Вытаскиваю фото из рамки, подхожу к окну.

– Очень знакомое… Знакомые лица.

Не могу вспомнить откуда, но я их прекрасно знаю.

Соня садится ближе. Смотрит в надежде, что я хоть что-то вспомню или пойму.

Нет, как ни старайся, не получается.

– Нет, – говорю. – Не выходит.

– Ладно, пошли отсюда. Пустая трата времени.

Мы прощаемся с мужчиной. Я жму ему руку и интересуюсь, кто на этом снимке.

– Солнышко, это же ты с мамой. Не узнаешь? Солнышко, что с тобой? Ты все забыла? Приветливый и внимательный.

Я говорю, что узнаю, и прошу разрешения оставить фотографию себе.

– Бери, моя хорошая. Все что угодно бери. Услужливый и тактичный.

Соня напоследок зачем-то снова притворяется пожарным, говорит мужчине какие-то наставления, предупреждает, чтоб был и впредь осторожен с электричеством, и обещает вернуться, если понадобимся. Стучит его по плечу, и мы уходим.

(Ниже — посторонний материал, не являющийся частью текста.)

Lemma phase2_potential_contract t p : (t0 <= t)%N -> simplex p ->
  \sum_i w p i * phase2_potential (step t p i) <= (1 - eta / 4) * phase2_potential p.
Proof.
move=> t_ge p_simplex; have [p_ge0 sum_p] := p_simplex.
rewrite sum_ord2 {3}/phase2_potential.
case: (lerP (p ord0) (3/4)) => [p0_le | p0_gt]; last first.
  have V_step i : phase2_potential (step t p i) = 0.
    by rewrite /phase2_potential leNgt (lt_le_trans p0_gt (phase2_step_ge i t_ge p_simplex)).
  by rewrite !V_step !mulr0 addr0.
have [w0_gt0 w1_gt0] := (tilde_pi_gt0 admissible (p_ge0 ord0),
                         tilde_pi_gt0 admissible (p_ge0 ord_max)).
apply: le_trans (lerD (ler_wpM2l (ltW w0_gt0) (phase2_potential_le _))
                      (ler_wpM2l (ltW w1_gt0) (phase2_potential_le _))) _.
rewrite phase2_step_ord0 // phase2_step_ord_max //.
move: sum_p (sum_tilde_pi admissible p_simplex); rewrite !sum_ord2.
set b := p ord_max; set w1 := w p ord_max; set z := eta * b => sum_p sum_w.
have w1_ge : gamma / 2 <= w1 := tilde_pi_ge admissible (p_ge0 ord_max).
have eta_ge0 : 0 <= eta by case: admissible.
have /andP[b_ge b_le1] : 1/4 <= b <= 1 by have := p_ge0 ord0; lra.
have [z_ge0 z_ge] : 0 <= z /\ eta / 4 <= z by rewrite /z; split; nra.
have z_le : 2 * z <= w1.
  have := eta_le_gamma4; have : z <= eta by rewrite /z; nra.
  lra.
have wz_gt0 : 0 < w1 + z by have : 0 < w1 := w1_gt0; lra.
have key : w1 ^+ 3 / (w1 + z) ^+ 2 <= w1 - eta / 4.
  by rewrite ler_pdivrMr ?exprn_gt0 ?cube_le_mul_sqr.
(* Working with [q = (p ord0)^-1] avoids a special case for [p ord0 = 0]. *)
rewrite -!exprVn invf_div invfM; set q := (p ord0)^-1.
have -> : w p ord0 * q ^+ 2 + w1 * (w1 * (q * (w1 + z)^-1)) ^+ 2
          = q ^+ 2 * (w p ord0 + w1 ^+ 3 / (w1 + z) ^+ 2).
  by field; rewrite gt_eqF.
by rewrite [X in _ <= X]mulrC; apply: ler_wpM2l; rewrite ?sqr_ge0 //; lra.
Qed.
(* Let $\Delta\ge 3$ be an integer and let $G\in\mathcal{G}_\Delta$. Let $c_1,\dots,c_\Delta$ be the real numbers defined by $c_\Delta=\frac{1}{\Delta}$ and $ic_i+c_{i+1}=1$ for $i=1,\dots,\Delta-1$. Then $$\alpha(G)\ge \sum_{i=1}^{\Delta} c_i|V_i(G)|.$$
   Context: All graphs are simple, finite and undirected. For an integer $\Delta\ge 3$, $\mathcal{G}_\Delta$ denotes the set of connected graphs $G\neq K_{\Delta+1}$ with maximum degree $\Delta$. For a graph $G$ and $i\ge 1$, $V_i(G)$ is the set of vertices of $G$ of degree $i$. $\alpha(G)$ is the independence number of $G$. *)

From mathcomp Require Import all_boot all_order all_algebra.
Set Implicit Arguments. Unset Strict Implicit. Unset Printing Implicit Defensive.

Section Graphs.
Variable T : finType.
Implicit Types (e : rel T) (S : {set T}).

Definition simple_graph e : Prop := symmetric e /\ irreflexive e.

Definition connected_graph e : Prop := forall x y : T, connect e x y.

Definition deg e (x : T) : nat := #|[set y | e x y]|.
Definition Vdeg e (i : nat) : {set T} := [set x | deg e x == i].

Definition max_degree e : nat := \max_(x : T) deg e x.

Definition is_complete_graph e (n : nat) : Prop :=
  #|T| = n /\ (forall x y : T, x != y -> e x y).

Definition independent e S : bool := [forall x in S, forall y in S, ~~ e x y].

Definition alpha e : nat := \max_(S : {set T} | independent e S) #|S|.
End Graphs.

(* For a vertex set S, give a vertex x of G[S] the weight 1/(k+1) if x lies in a
   clique component K_{k+1} of G[S], and c_k otherwise, k being its degree in
   G[S]; we show by induction on |S| that these weights sum to at most
   alpha(G[S]).  Components are treated separately, and a clique component has
   total weight 1.  If a vertex v of minimum degree k has a neighbour of larger
   degree, the closed neighbourhood N[v] weighs at most k c_k + c_(k+1) = 1,
   deleting it lowers alpha by at least one, and the remaining vertices gain
   weight in total (c is nonincreasing, and each new clique component already
   weighed at most 1).  Otherwise G[S] is k-regular and not complete: for
   k < Delta, greedily colouring G[S] - v gives |S| <= k alpha + 1, enough
   because (2k+1) c_k <= 2; for k = Delta, Brooks' theorem, proved with Kempe
   chains, gives |S| <= Delta alpha.  Finally, G has no clique component, so
   the weights of G are the c_(deg x). *)

From mathcomp Require Import all_boot all_order all_algebra.
From mathcomp Require Import perm zify lra.
Import Order.TTheory GRing.Theory Num.Theory.
Set Implicit Arguments. Unset Strict Implicit. Unset Printing Implicit Defensive.

Lemma setD_proper (T : finType) (S A : {set T}) x : x \in A -> x \in S -> S :\: A \proper S.
Proof.
by move=> xA xS; apply: sub_proper_trans (properD1 xS); apply: setDS; rewrite sub1set.
Qed.

Section InducedConnectivity.
Variables (T : finType) (r : rel T).
Implicit Types (A X : {set T}) (x y : T).

Definition nbh X x := [set y in X | r x y].

Definition closed_in X A := forall p q, p \in A -> q \in X -> r p q -> q \in A.
Lemma lap_distR_sharp (D : R) a w : (forall v, (Deg e v)%:R <= D) ->
  K * (\sum_x \sum_y (dist e x y)%:R) = #|T|%:R ^+ 2 * D ->
  lap e (distR e w) a = D - K * (dist e a w)%:R.
Proof.
move=> DegD sum_dist; set N : R := #|T|%:R.
have N_gt0 : 0 < N by rewrite ltr0n; apply/card_gt0P; exists a.
pose slack a w := (Deg e w)%:R - lap e (distR e w) a - K * (dist e a w)%:R.
have slack_ge0 b v : 0 <= slack b v by rewrite /slack; have := lap_distR_lb b v; lra.
have sum_slack v : \sum_b slack b v = N * (Deg e v)%:R - K * \sum_b (dist e b v)%:R.
  by rewrite /slack !sumrB sum_lap // sumr_const -mulr_sumr mulr_natr; ring.
(* Summed over all pairs, the sharpness hypothesis makes the total slack vanish. *)
have total : \sum_v (N * (D - (Deg e v)%:R) + \sum_b slack b v) = 0.
  under eq_bigr do rewrite sum_slack.
  rewrite (eq_bigr (fun v => N * D - K * \sum_b (dist e b v)%:R)) => [|v _]; last by ring.
  by rewrite sumrB sumr_const -mulr_sumr exchange_big /= sum_dist -mulr_natr /N; ring.
have slack_sum_ge0 v : 0 <= \sum_b slack b v by apply: sumr_ge0.
have term_ge0 v : 0 <= N * (D - (Deg e v)%:R) + \sum_b slack b v.
  by rewrite addr_ge0 // mulr_ge0 ?subr_ge0 // ltW.
have term0 := psumr_eq0P (fun v _ => term_ge0 v) total (i := w) isT.
have Deg_le := DegD w; have slack_w_ge0 := slack_sum_ge0 w.
have DegE : (Deg e w)%:R = D by nra.
have slack0 : \sum_b slack b w = 0 by nra.
have := psumr_eq0P (fun b _ => slack_ge0 b w) slack0 (i := a) isT.
by rewrite /slack DegE; lra.
Qed.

В кармане фотография со знакомыми мне откуда-то людьми, вопросов меньше не становится, ответов не прибавляется.

Уходим.

– Может, стоило поселиться на какое-то время в том доме?

Я не отвечаю. Достаю и еще раз смотрю на снимок.

Соня показывает в сторону кафе, предлагает перейти улицу и сесть за столик. Мне знаком этот перекресток. Я видел его. В воспоминаниях Сони. В тех самых, где грузовик сбил насмерть ее маму.

– Пошли.

Я молча повинуюсь. Шагаю и рассматриваю фотографию. Что-то здесь не так. Переходим на зеленый, я никогда не нарушаю правила дорожного движения.

Доходим до середины дороги.

Слышится визг тормозов.

На нас, не сбавляя скорости, несется грузовик. Точь-в-точь как в тех воспоминаниях. Колеса скрипят, тормоза визжат, он мчится прямо на нас.

Я стараюсь прикрыть собой Соню, ловлю ее спокойный взгляд, она смотрит, словно ничего особенного не происходит, словно она не замечает машину.

Слышу стук, хруст костей, крики прохожих.

Знакомая картинка. Киоск возле пешеходного. Не просто похоже, все в точности, как в детских воспоминаниях Сони.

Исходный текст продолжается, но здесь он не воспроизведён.